А шейх, окруженный толпой, стоя на возвышении, все проповедовал, поощряя толпу разнести и поджечь управление и истребить нечестивых жандармов. И толпа все распалялась и продолжала наступать.
Жандармам совсем не хотелось направлять винтовки на толпу, тем более, что начальник сказал, что эти люди ни в чем неповинны; что они являются орудием в чужих руках и поэтому им не следует причинять зла.

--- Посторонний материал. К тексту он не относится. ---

(* Let $R$ be a countable ring, let $B$ be a countable index set, and let $(M_\alpha)_{\alpha\in B}$ be any family of unitary left $R$-modules. Then the left $R$-module $$\prod_{\alpha\in B}M_\alpha\Big/\bigoplus_{\alpha\in B}M_\alpha$$ is algebraically compact.
   Context: All modules are unitary left $R$-modules. For a cardinal $\kappa$, a module $M$ is $\kappa$-compact if every system of at most $\kappa$ linear equations $\sum_{j\in J} r_{ij}x_j = m_i$ ($i\in I$, $r_{ij}\in R$, for each $i$ almost all $r_{ij}=0$, $m_i\in M$, $|I|,|J|\le\kappa$) has a solution in $M$ whenever every finite subsystem has a solution in $M$. $M$ is algebraically compact if it is $\kappa$-compact for every cardinal $\kappa$ (equivalently, $M$ is pure injective). *)

From HB Require Import structures.
From mathcomp Require Import all_boot all_algebra generic_quotient.
From mathcomp Require Import boolp.
From Stdlib Require List.
Set Implicit Arguments. Unset Strict Implicit. Unset Printing Implicit Defensive.
Import GRing.Theory.
Local Open Scope ring_scope.
Local Open Scope quotient_scope.

Section ProductModule.
Variables (R : pzRingType) (B : eqType) (M : B -> lmodType R).

Definition prodmod : Type := forall b : B, M b.

HB.instance Definition _ := Choice.copy prodmod (forall b : B, M b).

Definition pm_zero : prodmod := fun b => 0.
Definition pm_add (f g : prodmod) : prodmod := fun b => f b + g b.
Definition pm_opp (f : prodmod) : prodmod := fun b => - f b.
Definition pm_scale (a : R) (f : prodmod) : prodmod := fun b => a *: f b.

Let fext (f g : prodmod) : (forall b, f b = g b) -> f = g :=
  @functional_extensionality_dep _ _ f g.

Lemma pm_addA : associative pm_add.
Proof. by move=> f g h; apply: fext => b; rewrite /pm_add addrA. Qed.
Lemma pm_addC : commutative pm_add.
Proof. by move=> f g; apply: fext => b; rewrite /pm_add addrC. Qed.
Lemma pm_add0 : left_id pm_zero pm_add.
Proof. by move=> f; apply: fext => b; rewrite /pm_add /pm_zero add0r. Qed.
Lemma pm_addN : left_inverse pm_zero pm_opp pm_add.
Proof. by move=> f; apply: fext => b; rewrite /pm_add /pm_opp addNr. Qed.

HB.instance Definition _ :=
  GRing.isZmodule.Build prodmod pm_addA pm_addC pm_add0 pm_addN.

Lemma pm_scaleA a c (f : prodmod) :
  pm_scale a (pm_scale c f) = pm_scale (a * c) f.
Proof. by apply: fext => b; rewrite /pm_scale scalerA. Qed.
Lemma pm_scale1 : left_id 1 pm_scale.
Proof. by move=> f; apply: fext => b; rewrite /pm_scale scale1r. Qed.
Lemma pm_scaleDr : right_distributive pm_scale +%R.
Proof. by move=> a f g; apply: fext => b; rewrite /pm_scale /= /pm_add scalerDr. Qed.
Lemma pm_scaleDl (f : prodmod) : {morph pm_scale^~ f : a c / a + c}.
Proof. by move=> a c; apply: fext => b; rewrite /pm_scale /= /pm_add scalerDl. Qed.

HB.instance Definition _ :=
  GRing.Zmodule_isLmodule.Build R prodmod pm_scaleA pm_scale1 pm_scaleDr pm_scaleDl.

Lemma pmE0 b : (0 : prodmod) b = 0. Proof. by []. Qed.
Lemma pmED (f g : prodmod) b : (f + g) b = f b + g b. Proof. by []. Qed.
Lemma pmEN (f : prodmod) b : (- f) b = - f b. Proof. by []. Qed.
Lemma pmEZ a (f : prodmod) b : (a *: f) b = a *: f b. Proof. by []. Qed.

Definition in_dsum (f : prodmod) : Prop :=
  exists s : seq B, forall b, b \notin s -> f b = 0.

Lemma in_dsum0 : in_dsum 0.
Proof. by exists [::]. Qed.

Lemma in_dsumB f g : in_dsum f -> in_dsum g -> in_dsum (f - g).
Proof.
move=> [s Hs] [t Ht]; exists (s ++ t) => b; rewrite mem_cat negb_or => /andP[bs bt].
by rewrite pmED pmEN Hs // Ht // subr0.
Qed.

Lemma in_dsumZ a f : in_dsum f -> in_dsum (a *: f).
Proof. by move=> [s Hs]; exists s => b bs; rewrite pmEZ Hs // scaler0. Qed.

Lemma in_dsumN f : in_dsum f -> in_dsum (- f).
Proof. by move=> Hf; rewrite -sub0r; apply: in_dsumB => //; apply: in_dsum0. Qed.

Lemma in_dsumD f g : in_dsum f -> in_dsum g -> in_dsum (f + g).
Proof. by move=> Hf Hg; rewrite -[g]opprK; apply: in_dsumB => //; apply: in_dsumN. Qed.

Definition dsum_rel (f g : prodmod) : bool := `[< in_dsum (f - g) >].

Lemma dsum_relP f g : reflect (in_dsum (f - g)) (dsum_rel f g).
Proof. exact: asboolP. Qed.

Lemma dsum_rel_refl : reflexive dsum_rel.
Proof. by move=> f; apply/dsum_relP; rewrite subrr; apply: in_dsum0. Qed.
Lemma dsum_rel_sym : symmetric dsum_rel.
Proof.
move=> f g; apply/dsum_relP/dsum_relP => /in_dsumN; by rewrite opprB.
Qed.
Lemma dsum_rel_trans : transitive dsum_rel.
Proof.
move=> g f h /dsum_relP H1 /dsum_relP H2; apply/dsum_relP.
by have := in_dsumD H1 H2; rewrite addrA subrK.
Qed.

Canonical dsum_equiv := EquivRel dsum_rel dsum_rel_refl dsum_rel_sym dsum_rel_trans.

Definition quotmod : Type := {eq_quot dsum_rel}.
HB.instance Definition _ := Choice.on quotmod.
HB.instance Definition _ := EqQuotient.on quotmod.

Local Notation pi := (\pi_quotmod).

Lemma quot_eqP (f g : prodmod) : reflect (pi f = pi g) (dsum_rel f g).
Proof. exact: eqmodP. Qed.

Lemma repr_rel (f : prodmod) : in_dsum (repr (pi f) - f).
Proof. by apply/dsum_relP/quot_eqP; rewrite reprK. Qed.

Definition qm_zero : quotmod := pi 0.
Definition qm_add : quotmod -> quotmod -> quotmod :=
  locked (fun x y : quotmod => pi (repr x + repr y)).
Definition qm_opp : quotmod -> quotmod := locked (fun x : quotmod => pi (- repr x)).
Definition qm_scale : R -> quotmod -> quotmod :=
  locked (fun (a : R) (x : quotmod) => pi (a *: repr x)).

Lemma qm_addE f g : qm_add (pi f) (pi g) = pi (f + g).
Proof.
rewrite /qm_add -lock.
apply/quot_eqP/dsum_relP; rewrite opprD addrACA.
by apply: in_dsumD; apply: repr_rel.
Qed.
Lemma qm_oppE f : qm_opp (pi f) = pi (- f).
Proof.
rewrite /qm_opp -lock.
apply/quot_eqP/dsum_relP; rewrite -opprD; apply: in_dsumN.
exact: repr_rel.
Qed.
Lemma qm_scaleE a f : qm_scale a (pi f) = pi (a *: f).
Proof. rewrite /qm_scale -lock. apply/quot_eqP/dsum_relP; rewrite -scalerBr; apply: in_dsumZ; exact: repr_rel. Qed.

Lemma qm_addA : associative qm_add.
Proof.
move=> x y z; elim/quotW: x => f; elim/quotW: y => g; elim/quotW: z => h.
by rewrite !qm_addE addrA.
Qed.
Lemma qm_addC : commutative qm_add.
Proof. by move=> x y; elim/quotW: x => f; elim/quotW: y => g; rewrite !qm_addE addrC. Qed.
Lemma qm_add0 : left_id qm_zero qm_add.
Proof. by move=> x; elim/quotW: x => f; rewrite /qm_zero qm_addE add0r. Qed.
Lemma qm_addN : left_inverse qm_zero qm_opp qm_add.
Proof. by move=> x; elim/quotW: x => f; rewrite qm_oppE qm_addE addNr. Qed.

HB.instance Definition _ :=
  GRing.isZmodule.Build quotmod qm_addA qm_addC qm_add0 qm_addN.

Lemma qm_scaleA a c (x : quotmod) :
  qm_scale a (qm_scale c x) = qm_scale (a * c) x.
Proof. by elim/quotW: x => f; rewrite !qm_scaleE scalerA. Qed.
Lemma qm_scale1 : left_id 1 qm_scale.
Proof. by move=> x; elim/quotW: x => f; rewrite qm_scaleE scale1r. Qed.
Lemma qm_scaleDr : right_distributive qm_scale +%R.
Proof.
move=> a x y.
change (qm_scale a (qm_add x y) = qm_add (qm_scale a x) (qm_scale a y)).
elim/quotW: x => f; elim/quotW: y => g.
by rewrite /= !(qm_addE, qm_scaleE) scalerDr.
Qed.
Lemma qm_scaleDl (x : quotmod) : {morph qm_scale^~ x : a c / a + c}.
Proof.
move=> a c; change (qm_scale (a + c) x = qm_add (qm_scale a x) (qm_scale c x)).
by elim/quotW: x => f; rewrite !(qm_addE, qm_scaleE) scalerDl.
Qed.

HB.instance Definition _ :=
  GRing.Zmodule_isLmodule.Build R quotmod qm_scaleA qm_scale1 qm_scaleDr qm_scaleDl.

End ProductModule.

(* A system of linear equations over a module N with variables indexed by J *)
(* and equations indexed by I: equation i is                                *)
(*     \sum_(p <- eqs i) p.1 *: x_(p.2) = rhs i,                             *)
(* i.e. each equation involves only finitely many variables (a finite list  *)
(* of (coefficient, variable) pairs).                                       *)
Definition solves (R : pzRingType) (N : lmodType R) (I J : Type)
    (eqs : I -> seq (R * J)) (rhs : I -> N) (x : J -> N) (i : I) : Prop :=
  \sum_(p <- eqs i) p.1 *: x p.2 = rhs i.

(* N is kappa-compact: systems with |I|, |J| <= kappa that are finitely       *)
(* solvable are solvable.  Cardinals are encoded by index types.             *)
Definition kappa_compact (R : pzRingType) (N : lmodType R) (K : Type) : Prop :=
  forall (I J : Type) (fI : I -> K) (fJ : J -> K),
    injective fI -> injective fJ ->
  forall (eqs : I -> seq (R * J)) (rhs : I -> N),
    (forall F : seq I, exists x : J -> N,
        forall i, List.In i F -> solves eqs rhs x i) ->
    exists x : J -> N, forall i, solves eqs rhs x i.

Definition alg_compact (R : pzRingType) (N : lmodType R) : Prop :=
  forall K : Type, kappa_compact N K.

From HB Require Import structures.
From mathcomp Require Import all_boot all_algebra generic_quotient.
From mathcomp Require Import boolp classical_sets.
From Stdlib Require List.
From Stdlib Require Import Lia.
Set Implicit Arguments. Unset Strict Implicit. Unset Printing Implicit Defensive.
Import GRing.Theory.
Local Open Scope ring_scope.
Local Open Scope quotient_scope.
Local Open Scope classical_set_scope.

Оставалось одно: пригрозить фанатикам. И, чтобы пригрозить и напугать толпу, жандармы взяли винтовки наизготовку.
Как раз в этот момент какой-то отъявленный исфаганский лути, считавший, что быть убитым в этой свалке — значит попасть прямо в рай, подбежал к одному из солдат, выхватил у него из рук винтовку, быстро накинул на шею свой пояс и с помощью товарищей потащил полузадушенного жандарма волоком в толпу.
Бедный солдат пал жертвой демагогии и корыстолюбия ахондов.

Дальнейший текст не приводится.